Materials and methods

Drug preparation Dried human placenta (HP) was obtained from Daejeon University Oriental Medicine Hospital (Daejeon, Korea). HP is approved for in vivo injection by the Korean Food and Drug Administration (KFDA), and HP extract was prepared as described elsewhere^[21]. Briefly, dried HP was suspended in 2 L of water, heat-extracted for 3 h, and filtered 3 times. The filtered fluid was distilled using a rotary vacuum evaporator. Concentrated solutions were frozen at -70 ^oC for 4 h, and freeze-dried for 24 h. The product was kept at 4 ^oC, and dissolved in water. The stock solution was stored at -20 ^oC and diluted with a physiological saline solution before use.

Sciatic nerve surgery Sprague-Dawley rats (8 weeks old, male) were housed individually in cages in a temperature-controlled room with a 12-h light and dark cycle. A total of 56 rats were used in the present experiment. Animals were anesthetized by intraperitoneally (ip) injecting a mixture of ketamine (80 mg/kg) and xylazine (5 mg/kg), and the sciatic nerve was exposed and crushed with a pair of forceps held tightly for 30 s twice at 1 min interval^[11]. For drug administration, the Hamilton microsyringe (600 series, gauge 22s; Hamilton, USA) attached to a microinjection apparatus (Stoelting, USA) was placed onto the injury site immediately after the sciatic nerve was crushed, and 5 μL of HP solution or an equivalent volume of saline was injected slowly for 5 min. The dose-dependent effects of HP on axonal regeneration were examined by injecting 5 μL of HP solutions of different concentrations (2, 10, and 40 μg/mL), corresponding to dosages of 50, 250, and 1000 μg/kg for rats with a body weight of 200 g, respectively. Animals recovered from anesthesia and were killed 7 d later. Before being killed, animals were deeply anesthetized with a mixture of ketamine and xylazine, and the sciatic nerves were dissected, immediately frozen, and kept at -75 ^oC until use. For the purposes of immunofluorescence staining, the sciatic nerve was prepared by dividing it into the proximal stump (a 5-mm segment proximal to the injury site) and the distal stump (5 mm segment distal to the injury site).

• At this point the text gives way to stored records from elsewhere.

Lemma conic_rad_pos t : a < t < b -> 0 < rad (x t) (y t).
Proof.
  intros Ht. apply rad_pos. intros E. specialize (Hconic t Ht).
  destruct (rad_eq_0 _ _ E) as [Ex Ey]. rewrite E, Ex, Ey in Hconic. lra.
Qed.

Lemma conic_radial_velocity t : a < t < b ->
  (x t * vx t + y t * vy t) / rad (x t) (y t) = al * vx t + be * vy t.
Proof.
  intros Ht. apply (uniqueness_limite (fun u => rad (x u) (y u)) t).
  - exact (rad_derive t Ht (conic_rad_pos t Ht)).
  - destruct (Hnewton t Ht) as (H1 & H2 & _ & _).
    apply (derivable_pt_lim_locally_eq (fun u => al * x u + be * y u + ga) _ t _ a b Ht).
    + intros u Hu; symmetry; apply Hconic, Hu.
    + apply is_derive_Reals in H1, H2. apply is_derive_Reals.
      auto_derive; [solve_ex_derive|rewrite_Derive; ring].
Qed.

Lemma conic_momentum_sq t : a < t < b -> momentum x y vx vy t ^ 2 = ga.
Proof.
  intros Ht. assert (Hr := conic_rad_pos t Ht).
  assert (E : (momentum x y vx vy t ^ 2 - rad (x t) (y t)) / rad (x t) (y t) ^ 3
              = al * (- x t / rad (x t) (y t) ^ 3) + be * (- y t / rad (x t) (y t) ^ 3)).
  { apply (uniqueness_limite (fun u => (x u * vx u + y u * vy u) / rad (x u) (y u)) t).
    - exact (radial_velocity_derive t Ht Hr).
    - destruct (Hnewton t Ht) as (_ & _ & H3 & H4).
      apply (derivable_pt_lim_locally_eq (fun u => al * vx u + be * vy u) _ t _ a b Ht).
      + intros u Hu; symmetry; apply conic_radial_velocity, Hu.
      + apply is_derive_Reals in H3, H4. apply is_derive_Reals.
        auto_derive; [solve_ex_derive|rewrite_Derive; field; lra]. }
  set (m := momentum x y vx vy t) in *. set (r := rad (x t) (y t)) in *.
  assert (E2 : m ^ 2 - r = - (al * x t + be * y t)).
  { replace (m ^ 2 - r) with ((m ^ 2 - r) / r ^ 3 * r ^ 3) by (field; lra).
    rewrite E. field. lra. }
  unfold r in E2. rewrite (Hconic t Ht) in E2. lra.
Qed.

End Motion.

Section Reparametrization.

Variables (X Y x y k : R -> R) (sA sB : R).
Hypothesis k_cont : cont_on sA sB k.
Hypothesis k_incr : forall s1 s2, sA <= s1 -> s1 < s2 -> s2 <= sB -> k s1 < k s2.
Hypothesis XY_comp : forall s, sA < s < sB -> X s = x (k s) /\ Y s = y (k s).

Lemma reparam_velocity s0 W1 W2 V1 V2 : sA < s0 < sB ->
  derivable_pt_lim x (k s0) W1 -> derivable_pt_lim y (k s0) W2 -> W1 ^ 2 + W2 ^ 2 <> 0 ->
  derivable_pt_lim X s0 V1 -> derivable_pt_lim Y s0 V2 ->
  exists kd, derivable_pt_lim k s0 kd /\ V1 = kd * W1 /\ V2 = kd * W2.
Proof.
  intros Hs0 Hx Hy HW HX HY.
  set (kd := (V1 * W1 + V2 * W2) / (W1 ^ 2 + W2 ^ 2)).
  assert (Hk : derivable_pt_lim k s0 kd).
  { apply (derivable_pt_lim_comp_inner (fun u => x u * W1 + y u * W2) k
             (fun s => X s * W1 + Y s * W2) sA sB s0); [exact Hs0| |exact HW| | | |].
    - apply is_derive_Reals in Hx, Hy. apply is_derive_Reals.
      auto_derive; [solve_ex_derive|rewrite_Derive; ring].
    - intros eps He. destruct (k_cont s0 ltac:(lra) eps He) as [d [Hd K]].
      exists d; split; [exact Hd|]. intros u Hu Hdu. apply K; lra.
    - intros u Hu E. destruct (Rtotal_order u s0) as [Hl|[Hl|Hl]]; [|exact Hl|].
      + assert (k u < k s0) by (apply k_incr; lra). lra.
      + assert (k s0 < k u) by (apply k_incr; lra). lra.
    - intros u Hu. destruct (XY_comp u Hu) as [-> ->]. reflexivity.
    - apply is_derive_Reals in HX, HY. apply is_derive_Reals.
      auto_derive; [solve_ex_derive|rewrite_Derive; ring]. }
  exists kd. split; [exact Hk|split].
  - apply (uniqueness_limite X s0); [exact HX|].
    apply (derivable_pt_lim_locally_eq (fun s => x (k s)) X s0 _ sA sB Hs0).
    + intros u Hu; symmetry; apply XY_comp, Hu.
    + rewrite Rmult_comm. exact (derivable_pt_lim_comp k x s0 kd W1 Hk Hx).
  - apply (uniqueness_limite Y s0); [exact HY|].
    apply (derivable_pt_lim_locally_eq (fun s => y (k s)) Y s0 _ sA sB Hs0).
    + intros u Hu; symmetry; apply XY_comp, Hu.
    + rewrite Rmult_comm. exact (derivable_pt_lim_comp k y s0 kd W2 Hk Hy).
Qed.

Histology and immunofluorescence staining Nerve segments were embedded into embedding media (Histo Prep, Fisher Scientific, USA) and frozen at -20 ^oC. Longitudinal or transverse sections (20 mm thickness) were cut on a cryostat and mounted on glass slides that electrostatically attract frozen and formalin-fixed tissue sections (Superfrost Plus, Fisher Scientific). For double immunofluorescence staining, sections were fixed with 4% paraformaldehyde and 4% sucrose in phosphate-buffered saline (PBS) at room temperature for 40 min, permeabilized with 0.5% nonidet P-40 in PBS, and blocked with 2.5% horse serum and 2.5% bovine serum albumin for 4 h at room temperature. Sections were incubated with anti-neurofilament-200 antibody (NF-200, clone no. N52, mouse monoclonal, diluted 1:200; Sigma, USA), anti-GAP-43 antibody (H-100, rabbit polyclonal, diluted 1:200; Santa Cruz Biotech, USA), anti-βIII-tubulin antibody (TUJ1, rabbit polyclonal, diluted 1:200; Covance, USA), anti-S100β antibody (rabbit polyclonal, diluted 1:200; Dako, Denmark), anti-Cdc2 antibody (p34, mouse monoclonal, diluted 1:200; Santa Cruz Biotech), then incubated with fluorescein-goat anti-mouse (diluted 1:400; Molecular Probes, USA) or rhodamine-goat anti-rabbit secondary antibodies (diluted 1:200, Molecular Probes) in 2.5% horse serum and 2.5% bovine serum albumin for 1 h at room temperature and coverslipped with gelatin mount medium. We always included the control sections treated with secondary antibody alone, which usually did not have any visible images. In cases when the nonspecific signals were high, no data from those experiments were analyzed further. Sections were viewed with a Nikon fluorescence microscope and the images were captured using a Nikon digital camera (Nikon). To minimize experimental variation, sections from different animals in an experiment were always treated with the same solutions throughout the whole immunostaining process, and the images for a given experiment were captured after the same exposure time using Nikon ACT-1 software. Adobe Photoshop (version 5.5) was used to process the images. For all the sections from the individual experiments, the merged images were produced by the layer blending mode options of the Photoshop program.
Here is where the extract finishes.